This is code for the paper Stochastic Video Generation with a Learned Prior by Emily Denton and Rob Fergus. See the project page for details and generated video sequences.
To train the SVG-LP model on the 2 digit SM-MNIST dataset run:
python train_svg_lp.py --dataset smmnist --num_digits 2 --g_dim 128 --z_dim 10 --beta 0.0001 --data_root /path/to/data/ --log_dir /logs/will/be/saved/here/
If the MNIST dataset doesn't exist, it will be downloaded to the specified path.
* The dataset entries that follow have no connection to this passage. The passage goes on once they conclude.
Lemma gauss_kernel_normal c b : 0 < c ->
  gauss_kernel c b = normal_fun (- b) (Num.sqrt c)^-1.
Proof.
move=> c0; apply/funext => u.
rewrite /gauss_kernel /normal_fun opprK exprVn sqr_sqrtr ?ltW //.
by congr expR; rewrite -mulr_natr; field; exact: lt0r_neq0.
Qed.

Lemma measurable_gauss_kernel c b : 0 < c ->
  measurable_fun [set: R] (gauss_kernel c b).
Proof. by move=> c0; rewrite gauss_kernel_normal //; exact: measurable_normal_fun. Qed.

Lemma integral_gauss_kernel c b : 0 < c ->
  (\int[leb]_(u in [set: R]) (gauss_kernel c b u)%:E)%E = (gauss_mass c)%:E.
Proof.
move=> c0; set s := (Num.sqrt c)^-1.
have s0 : s != 0 by rewrite invr_eq0 sqrtr_eq0 -ltNge.
have pk0 : normal_peak s != 0 by rewrite gt_eqF // normal_peak_gt0.
have := integral_normal_pdf (- b) s; rewrite normal_pdfE //.
under eq_integral do rewrite EFinM.
rewrite ge0_integralZl //=; first last.
- by rewrite lee_fin normal_peak_ge0.
- by move=> x _; rewrite lee_fin normal_fun_ge0.
- by apply/measurable_EFinP; exact: measurable_normal_fun.
rewrite -gauss_kernel_normal // => /(congr1 (fun z => ((normal_peak s)^-1)%:E * z)%E).
rewrite muleA -EFinM mulVf // mul1e mule1 => ->; congr EFin.
rewrite /normal_peak invrK /gauss_mass /s exprVn sqr_sqrtr ?ltW //.
by congr Num.sqrt; rewrite -mulrnAr mulrC.
Qed.

Lemma gauss_mass_quarter c : 0 < c -> gauss_mass (c / 4) = 2 * gauss_mass c.
Proof.
move=> c0; rewrite /gauss_mass.
have -> : pi *+ 2 / (c / 4) = 2 ^+ 2 * (pi *+ 2 / c) by field; exact: lt0r_neq0.
by rewrite sqrtrM ?sqr_ge0 // sqrtr_sqr ger0_norm.
Qed.

Lemma gauss_kernel_abs_le c b u : 0 < c ->
  gauss_kernel c b u * `|u + b| <= (1 + 8 / (3 * c)) * gauss_kernel (c / 4) b u.
Proof.
move=> c0; rewrite /gauss_kernel.
set y := u + b; set a := 3 * c / 8.
have a0 : 0 < a by rewrite /a divr_gt0 // mulr_gt0.
have -> : - (c * y ^+ 2) / 2 = - (c / 4 * y ^+ 2) / 2 + - (a * y ^+ 2).
  by rewrite /a; field.
rewrite expRD -mulrA [X in _ <= X]mulrC ler_wpM2l ?expR_ge0 //.
rewrite expRN mulrC ler_pdivrMr ?expR_gt0 //.
(* [|y| <= (1 + 1/a) (1 + a y^2) <= (1 + 1/a) exp (a y^2)] *)
have -> : 8 / (3 * c) = a^-1 by rewrite /a; field; exact: lt0r_neq0.
apply: le_trans (_ : _ <= (1 + a^-1) * (1 + a * y ^+ 2)) _; last first.
  by rewrite ler_wpM2l ?expR_ge1Dx // addr_ge0 // invr_ge0 ltW.
have -> : (1 + a^-1) * (1 + a * y ^+ 2) = 1 + a * y ^+ 2 + a^-1 + y ^+ 2.
  by field; exact: lt0r_neq0.
rewrite -real_normK ?num_real //.
have : 0 <= a * `|y| ^+ 2 by rewrite mulr_ge0 ?sqr_ge0 ?ltW.
have : 0 <= a^-1 by rewrite invr_ge0 ltW.
have := sqr_ge0 (`|y| - 1); have : 0 <= `|y| by []; nra.
Qed.

Lemma integral_gauss_kernel_affine c b (X Y : R) : 0 < c -> 0 <= X -> 0 <= Y ->
  (\int[leb]_(u in [set: R]) (gauss_kernel c b u * (X + Y * `|u + b|))%:E <=
   ((X + Y * ((1 + 8 / (3 * c)) *+ 2)) * gauss_mass c)%:E)%E.
Proof.
move=> c0 X0 Y0.
have c40 : 0 < c / 4 by rewrite divr_gt0.
set M := 1 + 8 / (3 * c).
have YM0 : 0 <= Y * M by rewrite mulr_ge0 // addr_ge0 // divr_ge0 // mulr_ge0 // ltW.
have mg c' : 0 < c' -> measurable_fun [set: R] (fun u => (gauss_kernel c' b u)%:E).
  by move=> c'0; apply/measurable_EFinP; exact: measurable_gauss_kernel.
have g0 c' u : [set: R] u -> (0 <= (gauss_kernel c' b u)%:E)%E.
  by rewrite lee_fin gauss_kernel_ge0.
have kg0 c' (k : R) : 0 <= k ->
    forall u, [set: R] u -> (0 <= k%:E * (gauss_kernel c' b u)%:E)%E.
  by move=> k0 u _; rewrite mule_ge0 ?g0.
apply: (@le_trans _ _ (\int[leb]_(u in [set: R])
   (X%:E * (gauss_kernel c b u)%:E + (Y * M)%:E * (gauss_kernel (c / 4) b u)%:E))%E).
  apply: ge0_le_integral_nomeas => u _.
    by rewrite lee_fin mulr_ge0 ?gauss_kernel_ge0 ?addr_ge0 ?mulr_ge0.
  rewrite -!EFinM -EFinD lee_fin mulrDr mulrC lerD2l -mulrA mulrCA ler_wpM2l //.
  exact: gauss_kernel_abs_le.
rewrite (ge0_integralD leb measurableT (kg0 _ _ X0)
  (measurable_funeM _ (mg _ c0)) (kg0 _ _ YM0) (measurable_funeM _ (mg _ c40))).
rewrite !ge0_integralZl ?lee_fin ?integral_gauss_kernel //;
  try solve [exact: mg | exact: g0].
rewrite gauss_mass_quarter // -!EFinM -EFinD lee_fin.
by rewrite le_eqVlt; apply/orP; left; apply/eqP; rewrite mulr2n; ring.
Qed.

End gauss_kernel.

Section quadratic_form.
Context {R : realFieldType}.

Definition qform n (P : 'M[R]_n) (v : nat -> R) : R :=
  ((\row_(i < n) v i) *m P *m (\row_(i < n) v i)^T) ord0 ord0.

Definition qform_posdef n (P : 'M[R]_n) : Prop :=
  forall v : nat -> R, (\row_(i < n) v i) != 0 -> 0 < qform P v.

Lemma qformE n (P : 'M[R]_n) v :
  qform P v = \sum_(j < n) \sum_(i < n) v i * P i j * v j.
Proof.
rewrite /qform !mxE; apply: eq_bigr => j _; rewrite !mxE mulr_suml.
by apply: eq_bigr => i _; rewrite !mxE.
Qed.

Lemma qform_vcons n (P : 'M[R]_n.+1) u v : qform P (vcons u v) =
  u * P ord0 ord0 * u + \sum_(i < n) v i * P (lift ord0 i) ord0 * u
  + \sum_(j < n) (u * P ord0 (lift ord0 j) * v j
      + \sum_(i < n) v i * P (lift ord0 i) (lift ord0 j) * v j).
Proof.
rewrite qformE !big_ord_recl; congr (_ + _ + _).
apply: eq_bigr => j _; rewrite big_ord_recl lift0.
by congr (_ + _); apply: eq_bigr => i _; rewrite lift0.
Qed.

Lemma qform_unit0 n (P : 'M[R]_n.+1) : qform P (vcons 1 (fun=> 0)) = P ord0 ord0.
Proof.
rewrite qform_vcons big1 ?big1 ?mulr1 ?mul1r ?addr0 // => [j _|i _].
  by rewrite mulr0 add0r big1 // => i _; rewrite mulr0.
by rewrite !mul0r.
Qed.

Lemma row_vcons_neq0 n (u : R) (v : nat -> R) : (\row_(i < n) v i) != 0 ->
  (\row_(i < n.+1) vcons u v i) != 0.
Proof.
apply: contra => /eqP/rowP v0; apply/eqP/rowP => i.
by have := v0 (lift ord0 i); rewrite !mxE lift0.
Qed.

Lemma qform_posdef00 n (P : 'M[R]_n.+1) : qform_posdef P -> 0 < P ord0 ord0.
Proof.
move=> Ppos; rewrite -qform_unit0; apply: Ppos.
by apply/eqP => /rowP /(_ ord0); rewrite !mxE; apply/eqP; exact: oner_neq0.
Qed.

Definition schur_row n (P : 'M[R]_n.+1) (v : nat -> R) : R :=
  \sum_(j < n) P ord0 (lift ord0 j) * v j.

Definition schur n (P : 'M[R]_n.+1) : 'M[R]_n :=
  \matrix_(i, j) (P (lift ord0 i) (lift ord0 j)
     - P ord0 (lift ord0 i) * P ord0 (lift ord0 j) / P ord0 ord0).

Lemma qform_vcons_square n (P : 'M[R]_n.+1) u v : P^T = P -> P ord0 ord0 != 0 ->
  qform P (vcons u v) =
  P ord0 ord0 * (u + schur_row P v / P ord0 ord0) ^+ 2 + qform (schur P) v.
Proof.
move=> Psym c0.
have sym i j : P j i = P i j by rewrite -[in LHS]Psym mxE.
set c := P ord0 ord0.
set X := \sum_(j < n) \sum_(i < n) v i * P (lift ord0 i) (lift ord0 j) * v j.
have -> : qform (schur P) v = X - schur_row P v ^+ 2 / c.
  have -> : schur_row P v ^+ 2 / c = \sum_(j < n) \sum_(i < n)
      v i * (P ord0 (lift ord0 i) * P ord0 (lift ord0 j) / c) * v j.
    rewrite /schur_row expr2 big_distrlr /= exchange_big mulr_suml.
    by apply: eq_bigr => j _; rewrite mulr_suml; apply: eq_bigr => i _; ring.
  rewrite qformE /X -sumrB; apply: eq_bigr => j _.
  by rewrite -sumrB; apply: eq_bigr => i _; rewrite mxE -/c; ring.
rewrite qform_vcons big_split /= -/X -/c.
have -> : \sum_(i < n) v i * P (lift ord0 i) ord0 * u = u * schur_row P v.
  by rewrite /schur_row mulr_sumr; apply: eq_bigr => i _; rewrite sym; ring.
have -> : \sum_(j < n) u * P ord0 (lift ord0 j) * v j = u * schur_row P v.
  by rewrite /schur_row mulr_sumr; apply: eq_bigr => j _; ring.
by field.
Qed.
To download the BAIR robot push dataset run:
sh data/download_bair.sh /path/to/data/
This will download the dataset in tfrecord format into the specified directory. To train the pytorch models, we need to first convert the tfrecord data into .png images by running:
python data/convert_bair.py --data_dir /path/to/data/
This may take some time. Images will be saved in /path/to/data/processeddata
.
Now we can train the SVG-LP model by running:
python train_svg_lp.py --dataset bair --model vgg --g_dim 128 --z_dim 64 --beta 0.0001 --n_past 2 --n_future 10 --channels 3 --data_root /path/to/data/ --log_dir /logs/will/be/saved/here/
To generate images with a pretrained SVG-LP model run:
python generate_svg_lp.py --model_path pretrain_models/svglp_bair.pth --log_dir /generated/images/will/save/here/